Design principle of power frequency transformer

The principle of power frequency transformer is very simple, and the related formulas are not complicated in theory, so everyone has formed a view: it is too simple, and there is nothing to study in those three or four formulas. As long as the design is based on those simple formulas, it will be successful immediately.

I think the above understanding has both merits and merits. The advantages are: according to the calculation formula, the result can be calculated quickly and the problem can be solved; What is worth studying is: Do you know the performance of the product you designed? Is the design reasonable? Is the design optimized? What is economy?

For example, selecting iron core specifications according to power is a very complicated problem because there are many factors involved. Some books recommend using the following semi-empirical formula to choose:

S = K Sqrt(P) ( 1)

After s is determined, other calculations are performed. This is indeed a practical method, but it is also a simplified design method, which is wasteful in most cases. This design method does not need to be discussed for amateurs (only occasionally designing a transformer for their own use), but it is worth discussing for enterprises. When this design is widely used in products, it reflects the reduction of economic benefits.

So, what can they do in professional occasions, such as transformer manufacturers?

In principle, the core specification is selected according to the occupancy rate of conductors in the window, but this calculation is complicated and the relationship is not simple. For example, the relevant calculation formula is:

P = 0.0222 f B J Sc Sm (2)

When the current density is determined by the voltage regulation rate, the calculation formula is:

p = 0.0555(f f)(B B)(Sc Sc)SmδU/(Z Lm)(3)

For such a complicated relationship, it is a headache to come up with the design scheme manually. Therefore, experts compile these relationships into a series of tables according to the actual situation, and design engineers can get a set of practical data by looking up the corresponding tables according to different design indicators, such as power and other indicators to get the core specifications.

The convenience brought by this method is so great that we can come up with some schemes quickly, and then make appropriate judgments and make optimization according to the accumulation of experience. Even so, this method has two major disadvantages. One is that it is impossible for experts to make all the series tables, and the other is that engineers have to come up with relatively complete designed product parameters and spend a lot of time calculating them one by one. Engineers must have a big head to come up with several schemes a day. Fortunately, with the popularization of computer application and the appearance of special software, computers can do boring calculation work, and engineers only pay attention to the design and optimization of the scheme.

For another example, for the selection of current density, it is generally recommended to be 2.5a ~ 3a/(mm mm) in simple design, but according to formula (3), when the low power adjustment rate is large, the current density can be very large, reaching 8 ~ 9a/(mm mm) [for the chat of low-frequency EI transformer, see this column, and I have provided the landlord with six schemes]. However, when the high power regulation rate is limited, the current density can be less than 2A/(mm mm), otherwise the temperature rise of the transformer may be too high and burn the transformer. It should be emphasized that the current density can not be increased casually, but calculated according to the design index, which will often lead to the deterioration of performance or even burn the transformer.

Some people may think: Why haggle over every ounce? I don't think so. Everyone is talking about how foreign economic growth can save energy and raw materials. Isn't that dug up bit by bit? Where does the efficiency of switching power supply come from? Isn't it also developed bit by bit? In this case, if you are really engaged in the production and design of power frequency transformers, you must conscientiously do your own job and find out the relevant contents of your work. Imagine that an enterprise needs all kinds of transformers for its products and wants to recruit an engineer to design them. Give a few examples of on-site design. The design results of engineers A and B meet the requirements, but the average cost of A is lower than that of B 10%. Who do you think the enterprise will hire?

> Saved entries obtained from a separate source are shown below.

(* Let $\Sigma$ be an alphabet and $n\geq 1$. A function $g\colon\mathcal{T}(\Sigma)^n\to\mathcal{T}(\Sigma)$ is WCP if and only if it satisfies the following condition (GCP): for all $a_1,\ldots,a_n\in\Sigma$, all $i\in\{1,\ldots,n\}$ and all $b_i\in\Sigma$, $$\sigma_{a_i}^{b_i}(g(a_1,\ldots,a_n))=\sigma_{a_i}^{b_i}(g(a_1,\ldots,a_{i-1},b_i,a_{i+1},\ldots,a_n)).$$
   Context: Let $\Sigma$ be an alphabet not containing $0,1$. A binary tree over $\Sigma$ is a finite set $t \subseteq \{0,1\}^*\Sigma$ such that for any $ua, vb \in t$ with $ua \neq vb$, $u$ is not a prefix of $v$ and $v$ is not a prefix of $u$; $\mathcal{T}(\Sigma)$ is the set of such trees, $\mathbf 0=\emptyset$, each letter $a$ is identified with $\{a\}$, and $t\star t' = 0.t\cup 1.t'$. Every map $h\colon\Sigma\to\mathcal{T}(\Sigma)$ extends uniquely to an endomorphism of $\langle\mathcal{T}(\Sigma),\star\rangle$, still denoted $h$. For $a\in\Sigma$ and $\tau\in\mathcal{T}(\Sigma)$, the grafting $\sigma_a^\tau$ is the endomorphism with $\sigma_a^\tau(a)=\tau$ and $\sigma_a^\tau(b)=b$ for $b\neq a$. A function $g\colon\mathcal{T}(\Sigma)^n\to\mathcal{T}(\Sigma)$ is WCP if for every idempotent mapping $h\colon\Sigma\to\Sigma$ and all $\vec u,\vec v\in\Sigma^n$, $h(\vec u)=h(\vec v)$ implies $h(g(\vec u))=h(g(\vec v))$, where $h(\langle u_1,\ldots,u_n\rangle)=\langle h(u_1),\ldots,h(u_n)\rangle$. *)

From HB Require Import structures.
From mathcomp Require Import all_boot.
From mathcomp Require Import finmap.
Set Implicit Arguments. Unset Strict Implicit. Unset Printing Implicit Defensive.
Local Open Scope fset_scope.

Section BinTrees.
Variable Sigma : finType.

(* A word of {0,1}^* Sigma : a bit-string (false = 0, true = 1) followed by a letter. *)
Definition word := (seq bool * Sigma)%type.

Definition is_tree (t : {fset word}) : bool :=
  all (fun x : word => all (fun y : word =>
        (x == y) || (~~ prefix x.1 y.1 && ~~ prefix y.1 x.1)) t) t.

Definition tree := {t : {fset word} | is_tree t}.

Definition prefix_tree (u : seq bool) (t : {fset word}) : {fset word} :=
  [fset ((u ++ w.1), w.2) | w in t].

(* The endomorphism of <T(Sigma), *> extending f : Sigma -> T(Sigma),
   written out explicitly: f(t) = \bigcup_{ua in t} u.f(a). *)
Definition subst (f : Sigma -> {fset word}) (t : {fset word}) : {fset word} :=
  \bigcup_(x <- t) prefix_tree x.1 (f x.2).

Definition letter_set (a : Sigma) : {fset word} := [fset (([::] : seq bool), a)].

Lemma letter_is_tree (a : Sigma) : is_tree (letter_set a).
Proof.
by rewrite /is_tree /letter_set; apply/allP => x /fset1P ->; apply/allP => y /fset1P ->; rewrite eqxx.
Qed.

Definition letter (a : Sigma) : tree := exist _ (letter_set a) (letter_is_tree a).

Definition lmap (h : Sigma -> Sigma) (t : {fset word}) : {fset word} :=
  subst (fun c => letter_set (h c)) t.

Definition graft (a : Sigma) (tau : {fset word}) (t : {fset word}) : {fset word} :=
  subst (fun c => if c == a then tau else letter_set c) t.

Definition WCP (n : nat) (g : ('I_n -> tree) -> tree) : Prop :=
  forall h : Sigma -> Sigma, (forall x, h (h x) = h x) ->
  forall u v : 'I_n -> Sigma, (forall i, h (u i) = h (v i)) ->
    lmap h (val (g (fun i => letter (u i)))) = lmap h (val (g (fun i => letter (v i)))).

Definition GCP (n : nat) (g : ('I_n -> tree) -> tree) : Prop :=
  forall (a : 'I_n -> Sigma) (i : 'I_n) (b : Sigma),
    graft (a i) (letter_set b) (val (g (fun j => letter (a j)))) =
    graft (a i) (letter_set b)
      (val (g (fun j => letter (if j == i then b else a j)))).

End BinTrees.

From mathcomp Require Import all_boot.
From mathcomp Require Import finmap.
From Stdlib Require Import FunctionalExtensionality.

(* A letter-to-letter map acts on a tree by relabelling its leaves, and a
   grafting [sigma_a^b] with [b] a letter is the relabelling [a |-> b]; this
   relabelling is idempotent, so WCP applied to it is exactly GCP.
   Conversely, if [h u = h v], pass from [u] to [v] one coordinate at a time:
   each step replaces [u i] by a letter [b] with [h b = h (u i)], and since
   [h] absorbs the relabelling [u i |-> b], applying [h] to both sides of
   the GCP identity shows that the step does not change [h (g _)]. *)

Set Implicit Arguments. Unset Strict Implicit. Unset Printing Implicit Defensive.
Local Open Scope fset_scope.

Section Relabelling.
Variable Sigma : finType.

Definition relabel (a b c : Sigma) : Sigma := if c == a then b else c.

Lemma relabel_idem (a b c : Sigma) : relabel a b (relabel a b c) = relabel a b c.
Proof. by rewrite /relabel; case: (c =P a) => [_|/eqP/negbTE ->] //; case: ifP => // /eqP. Qed.

Lemma subst_letterE (f : Sigma -> {fset word Sigma}) (h : Sigma -> Sigma) t :
  (forall c, f c = letter_set (h c)) -> subst f t = [fset (x.1, h x.2) | x in t].
Proof.
move=> fE; rewrite /subst (eq_bigr (fun x => [fset (x.1, h x.2)])).
  by rewrite bigfcup_imfset1.
move=> x _; rewrite fE /prefix_tree /letter_set.
apply/fsetP => y; apply/imfsetP/fset1P => [[w /fset1P -> ->]|->] /=.
  by rewrite cats0.
by exists ([::], h x.2); rewrite ?inE //= cats0.
Qed.

Lemma lmapE (h : Sigma -> Sigma) t : lmap h t = [fset (x.1, h x.2) | x in t].
Proof. exact: subst_letterE. Qed.

Lemma graft_letterE (a b : Sigma) t : graft a (letter_set b) t = lmap (relabel a b) t.
Proof. by rewrite lmapE; apply: subst_letterE => c; rewrite /relabel; case: ifP. Qed.

Lemma lmap_comp (h s : Sigma -> Sigma) t : lmap h (lmap s t) = lmap (h \o s) t.
Proof.
rewrite !lmapE; apply/fsetP => y; apply/imfsetP/imfsetP => [[w /imfsetP [z zt ->] ->]|].
  by exists z.
by case=> z zt ->; exists (z.1, s z.2) => //; apply/imfsetP; exists z.
Qed.

Lemma eq_lmap (h h' : Sigma -> Sigma) t : h =1 h' -> lmap h t = lmap h' t.
Proof.
by move=> hE; rewrite !lmapE; apply/fsetP => y; apply/imfsetP/imfsetP;
  case=> z zt ->; exists z; rewrite ?hE.
Qed.

End Relabelling.

Section Characterisation.
Variables (Sigma : finType) (n : nat) (g : ('I_n -> tree Sigma) -> tree Sigma).

Definition eval_letters (u : 'I_n -> Sigma) : {fset word Sigma} :=
  val (g (fun i => letter (u i))).

Lemma eq_eval_letters (u v : 'I_n -> Sigma) :
  u =1 v -> eval_letters u = eval_letters v.
Proof. by move=> /functional_extensionality ->. Qed.

Lemma WCP_GCP : WCP g -> GCP g.
Proof.
move=> W a i b; rewrite !graft_letterE.
apply: W => [c|j]; first exact: relabel_idem.
rewrite /relabel; case: (j =P i) => [->|_]; last by [].
by rewrite eqxx; case: ifP => // /eqP ->.
Qed.

Hypothesis gcp : GCP g.

Lemma GCP_lmap_update (h : Sigma -> Sigma) (a : 'I_n -> Sigma) (i : 'I_n) (b : Sigma) :
  h b = h (a i) ->
  lmap h (eval_letters a) = lmap h (eval_letters (fun j => if j == i then b else a j)).
Proof.
move=> hb; have := congr1 (lmap h) (gcp a i b).
rewrite !graft_letterE !lmap_comp.
have absorb : h \o relabel (a i) b =1 h by move=> c; rewrite /= /relabel; case: eqP => [->|].
by rewrite !(eq_lmap _ absorb).
Qed.

Lemma GCP_lmap_congr (h : Sigma -> Sigma) (u v : 'I_n -> Sigma) :
  (forall i, h (u i) = h (v i)) -> lmap h (eval_letters u) = lmap h (eval_letters v).
Proof.
move=> huv; pose mix k (j : 'I_n) := if j < k then v j else u j.
have mixP k : k <= n -> lmap h (eval_letters u) = lmap h (eval_letters (mix k)).
  elim: k => [_|k IH lt_kn].
    by congr lmap; apply: eq_eval_letters => j; rewrite /mix.
  rewrite IH 1?ltnW // (GCP_lmap_update (i := Ordinal lt_kn) (b := v (Ordinal lt_kn))).
    congr lmap; apply: eq_eval_letters => j; rewrite /mix.
    case: eqP => [->|ne]; first by rewrite /= ltnSn.
    rewrite ltnS (leq_eqVlt j k); case: eqP => // jk.
    by case: ne; apply: val_inj.
  by rewrite /mix /= ltnn huv.
rewrite (mixP n) //; congr lmap; apply: eq_eval_letters => j.
by rewrite /mix ltn_ord.
Qed.

End Characterisation.

Theorem mainTheorem7 (Sigma : finType) (n : nat) (hn : 1 <= n)
  (g : ('I_n -> tree Sigma) -> tree Sigma) :
  WCP g <-> GCP g.
Proof.
split; first exact: WCP_GCP.
by move=> gcp h _; exact: GCP_lmap_congr.
Qed.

From the perspective of saving energy and raw materials, I would like to share with you here:

1, reducing the amount of copper can be achieved in two ways. One is to reduce the wire diameter, which means that copper resistance will increase and copper loss will increase. The other is to reduce the number of turns, which will increase the no-load current and the no-load loss. If the transformer is in standby state for a long time, the waste of power resources is very great. Billions of dollars of electricity are wasted every year due to the long-term standby state of household appliances in China.

2. When designing the transformer, the copper loss and iron loss should be equal, so that the transformer loss is the lowest and the operation is the most stable. If a transformer is designed, because the wire diameter is very small, in order to save copper wire, the method of reducing the number of turns is adopted, and there is still a lot of room in the iron core window, which means that the size of the iron core is too large, resulting in the waste of the iron core. Due to the large size of wire core, the average circumference of winding grows, and the amount of copper wire will also increase. At the current price,

Therefore, when designing, try to choose a small iron core while ensuring the performance to meet the customer's requirements. If 4 1 can be used, then never use 48. Regarding no-load current, it is best to save standby loss as much as possible.